A descrição dos serviços nas notas fiscais engloba de forma genérica atividades de “marketing digital, produção audiovisual, criação de conteúdo e assessoria de imprensa”. Para especialistas em direito eleitoral consultados pela reportagem, embora a contratação de empresas de parentes de filiados pelo diretório não seja um crime explicitamente tipificado na legislação partidária fora do período eleitoral, o desenho da operação acende um alerta vermelho.

“Se a agência contratada com o Fundo Partidário estiver, na prática, trabalhando para construir a imagem de um pré-candidato específico disfarçada de ‘comunicação institucional’ do partido no estado, isso pode configurar desvio de finalidade dos recursos públicos e abuso de poder econômico pré-eleitoral”, explica o advogado Leonardo Avelino Duarte, do escritório Avelino Duarte, especialista em direito eleitoral. 

“A Lei dos Partidos Políticos exige que o Fundo seja usado estritamente para a manutenção da sigla e campanhas institucionais”, salienta.

Outro lado

Com a palavra, a executiva do PL:

"Esse contrato que se referem é público, transparente e está integralmente registrado na Justiça Eleitoral e no Portal da Transparência, como exige a legislação para qualquer uso de Fundo Partidário. Quando alguém quer esconder algo, não firma um contrato público, com objeto, valores, prazos e notas fiscais disponíveis para conferência. 

Trata-se de um trabalho técnico de comunicação, com escopo claro: branding e posicionamento, marketing digital, produção audiovisual, eventos, treinamentos, assessoria de imprensa e criação de conteúdo para o PL em Mato Grosso do Sul, dentro do período pré-eleitoral. Transformar isso em insinuação política, apenas porque sou esposa do Capitão Contar, é ignorar a legislação, a natureza do serviço e a minha trajetória profissional.

Minha agência tem mais de 25 anos de atuação em comunicação estratégica, com cases relevantes no setor público e privado, sempre contratados dentro da legalidade e submetidos aos órgãos de controle. O convite feito à Diniz é um reconhecimento dessa história profissional, não um privilégio, e foi formalizado em contrato com o diretório nacional do PL, com vigência e limites definidos.

Todos os pagamentos seguem as regras eleitorais e fiscais, com emissão de nota fiscal, recolhimento de tributos e registro nos sistemas oficiais. Inclusive, eventuais ajustes tributários, como a opção pelo Simples Nacional, foram documentados, esclarecidos ao partido e corrigidos de forma transparente, justamente porque não há nada a esconder. 

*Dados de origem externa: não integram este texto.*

(* Let $H$ be a graph with a cut edge $e=(u,w)$. Then for every pattern $\mathbf{s}$ with $N(H)\mathbf{s}=\mathbf{1}$, either $\mathbf{s}(u)=0$ or $\mathbf{s}(w)=0$.
   Context: For a finite simple graph $H$ with vertex set $\{v_1,\dots,v_n\}$, the closed adjacency matrix $N(H)$ is the $n\times n$ matrix over $\mathbb{Z}_2$ whose $(i,j)$ entry is $1$ iff $i=j$ or $v_i$ is adjacent to $v_j$; patterns are vectors in $\mathbb{Z}_2^{V(H)}$ and $\mathbf{1}$ is the all-ones vector. A cut edge is an edge whose deletion increases the number of connected components. *)

From mathcomp Require Import all_boot all_order all_algebra.
Set Implicit Arguments. Unset Strict Implicit. Unset Printing Implicit Defensive.
Import GRing.Theory.
Local Open Scope ring_scope.

Definition simple_graph (n : nat) (g : rel 'I_n) : Prop :=
  symmetric g /\ irreflexive g.

Definition closed_adj (n : nat) (g : rel 'I_n) : 'M['F_2]_n :=
  \matrix_(i, j) ((i == j) || g i j)%:R.

Definition component (n : nat) (g : rel 'I_n) (x : 'I_n) : {set 'I_n} :=
  [set y | connect g x y].
Definition num_components (n : nat) (g : rel 'I_n) : nat :=
  #|[set component g x | x : 'I_n]|.

Definition delete_edge (n : nat) (g : rel 'I_n) (u w : 'I_n) : rel 'I_n :=
  fun x y => g x y && ~~ (((x == u) && (y == w)) || ((x == w) && (y == u))).

Definition cut_edge (n : nat) (g : rel 'I_n) (u w : 'I_n) : Prop :=
  g u w /\ (num_components g < num_components (delete_edge g u w))%N.

(* Let C be the component of u once the cut edge uw is deleted; then uw is the
   only edge of H leaving C.  Summing the rows of N(H)s = 1 over C, weighted by
   s, gives sum_(x in C) s(x) on one side; on the other side the quadratic form
   of the symmetric matrix N(H) restricted to C collapses in characteristic 2
   to its diagonal sum_(x in C) s(x)^2 = sum_(x in C) s(x), and the only
   surviving term outside C is s(u) s(w).  Hence s(u) s(w) = 0. *)

From mathcomp Require Import all_boot all_order all_algebra finfield.
Set Implicit Arguments.
Unset Strict Implicit.
Unset Printing Implicit Defensive.
Local Open Scope ring_scope.
Import GRing.Theory.

Section Char2SymmetricSums.

Variable R : comNzRingType.
Hypothesis pcharR2 : 2 \in [pchar R].

Lemma sum_sym_pchar2 (T : Type) (r : seq T) (f : T -> T -> R) :
  (forall x y, f x y = f y x) ->
  \sum_(x <- r) \sum_(y <- r) f x y = \sum_(x <- r) f x x.
Proof.
move=> fC; elim: r => [|a r IHr]; first by rewrite !big_nil.
rewrite big_cons; under eq_bigr => x _ do rewrite big_cons.
rewrite big_cons big_split /= IHr [RHS]big_cons -!addrA; congr (_ + _).
rewrite addrA [X in _ + X + _](eq_bigr (fun y => f a y)) => [|y _]; last first.
  exact: fC.
by rewrite addrr_pchar2 // add0r.
Qed.

Lemma quadratic_form_split (n : nat) (N : 'M[R]_n) (C : {pred 'I_n})
    (t : 'I_n -> R) :
  N^T = N ->
  \sum_(x in C) t x * \sum_y N x y * t y =
  \sum_(x in C) N x x * t x ^+ 2
  + \sum_(x in C) \sum_(y | y \notin C) t x * N x y * t y.
Proof.
move=> Nsym.
under eq_bigr => x _ do rewrite (bigID (mem C)) /= mulrDr !big_distrr /=.
rewrite big_split /=; congr (_ + _); last first.
  by apply: eq_bigr => x _; apply: eq_bigr => y _; rewrite mulrA.
rewrite -big_enum; under eq_bigr => x _ do rewrite -big_enum.
rewrite (sum_sym_pchar2 _ (f := fun x y => t x * (N x y * t y))) => [|x y].
  by rewrite big_enum; apply: eq_bigr => x _; rewrite mulrCA expr2.
by rewrite -{1}Nsym mxE mulrC -mulrA [RHS]mulrCA.
Qed.

End Char2SymmetricSums.

Section CutEdge.

Variables (n : nat) (g : rel 'I_n) (u w : 'I_n).
Hypothesis gsym : symmetric g.

Local Notation g' := (delete_edge g u w).

Lemma delete_edge_sym : symmetric g'.
Proof.
move=> x y; rewrite /delete_edge gsym; congr (_ && ~~ _).
by rewrite orbC; congr (_ || _); rewrite andbC.
Qed.

Lemma connect_delete_edge : g u w -> connect g' u w -> connect g =2 connect g'.
Proof.
move=> guw cuw x y; apply/idP/idP; last first.
  by apply: connect_sub => a b /andP[gab _]; apply: connect1.
apply: connect_sub => a b gab; case g'ab: (g' a b); first exact: connect1.
move: g'ab; rewrite /delete_edge gab /= => /negbFE.
case/orP => /andP[/eqP -> /eqP ->] //.
by rewrite (sym_connect_sym delete_edge_sym).
Qed.

Lemma cut_edge_disconnects : cut_edge g u w -> ~~ connect g' u w.
Proof.
case=> guw; apply: contraTN => cuw; rewrite -leqNgt /num_components.
suff eq_comp : component g =1 component g' by rewrite (eq_imset _ eq_comp).
by move=> x; apply/setP => y; rewrite !inE (connect_delete_edge guw cuw).
Qed.

Lemma edge_out_of_component x y : ~~ connect g' u w ->
  x \in component g' u -> y \notin component g' u -> g x y ->
  (x == u) && (y == w).
Proof.
rewrite !inE => nuw ux uy gxy; apply: contraNT uy => xy_ne_uw.
apply: connect_trans (ux) (connect1 _).
rewrite /delete_edge gxy negb_or xy_ne_uw /=.
by apply: contraNN nuw => /andP[/eqP xw _]; rewrite xw in ux.
Qed.

Lemma closed_adj_out_of_component x y : cut_edge g u w ->
  x \in component g' u -> y \notin component g' u ->
  closed_adj g x y = ((x == u) && (y == w))%:R.
Proof.
move=> cut ux uy; rewrite mxE.
case: eqP => [xy | _ /=]; first by rewrite -xy ux in uy.
have nuw := cut_edge_disconnects cut.
case gxy: (g x y); first by rewrite (edge_out_of_component nuw ux uy gxy).
case: cut => guw _; case: eqP gxy => // -> /=.
by case: eqP => // ->; rewrite guw.
Qed.

Lemma closed_adj_cut_sum (t : 'I_n -> 'F_2) : cut_edge g u w ->
  \sum_(x in component g' u) \sum_(y | y \notin component g' u)
     t x * closed_adj g x y * t y = t u * t w.
Proof.
move=> cut; set C := component g' u.
have uC : u \in C by rewrite inE connect0.
have wC : w \notin C by rewrite inE cut_edge_disconnects.
under eq_bigr => x xC do under eq_bigr => y yC do
  rewrite (closed_adj_out_of_component cut xC yC).
rewrite (bigD1 u) //= addrC big1 ?add0r => [|x /andP[_ /negbTE xu]]; last first.
  by apply: big1 => y _; rewrite xu mulr0 mul0r.
rewrite (bigD1 w) //= addrC big1 ?add0r => [|y /andP[_ /negbTE yw]]; last first.
  by rewrite yw andbF mulr0 mul0r.
by rewrite !eqxx mulr1.
Qed.

End CutEdge.

Lemma F2_sqr (x : 'F_2) : x ^+ 2 = x.
Proof. by rewrite -{2}(expf_card x) card_Fp. Qed.

Theorem lemma3p1 (n : nat) (g : rel 'I_n) (u w : 'I_n)
  (Hg : simple_graph g) (Hcut : cut_edge g u w)
  (s : 'cV['F_2]_n) (Hs : closed_adj g *m s = const_mx 1) :
  s u 0 = 0 \/ s w 0 = 0.
Proof.
case: Hg => gsym _; set C := component (delete_edge g u w) u.
set N := closed_adj g; set t := fun x => s x 0.
have Nsym : N^T = N by apply/matrixP => x y; rewrite !mxE eq_sym gsym.
have N_row x : \sum_y N x y * t y = 1.
  by have /matrixP/(_ x 0) := Hs; rewrite !mxE.
have := quadratic_form_split (pchar_Fp (isT : prime 2)) C t Nsym.
under eq_bigr => x _ do rewrite N_row mulr1.
under [in RHS]eq_bigr => x _ do rewrite /N mxE eqxx mul1r F2_sqr.
rewrite (closed_adj_cut_sum gsym t Hcut) -{1}[\sum_(x in C) t x]addr0.
move=> /addrI/esym/eqP.
by rewrite mulf_eq0 => /orP[] /eqP; [left | right].
Qed.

Não é razoável tentar transformar transparência em suspeita nem desqualificar uma empresa super qualificada e idônea, quando o que está em análise é a capacidade técnica e o cumprimento da lei. 

O debate precisa ser sério: questionar contratos é legítimo em uma democracia, mas é preciso fazê-lo com responsabilidade, com base em fatos e documentos, não em ilações para desgastar politicamente o Capitão Contar ou qualquer pré-candidato."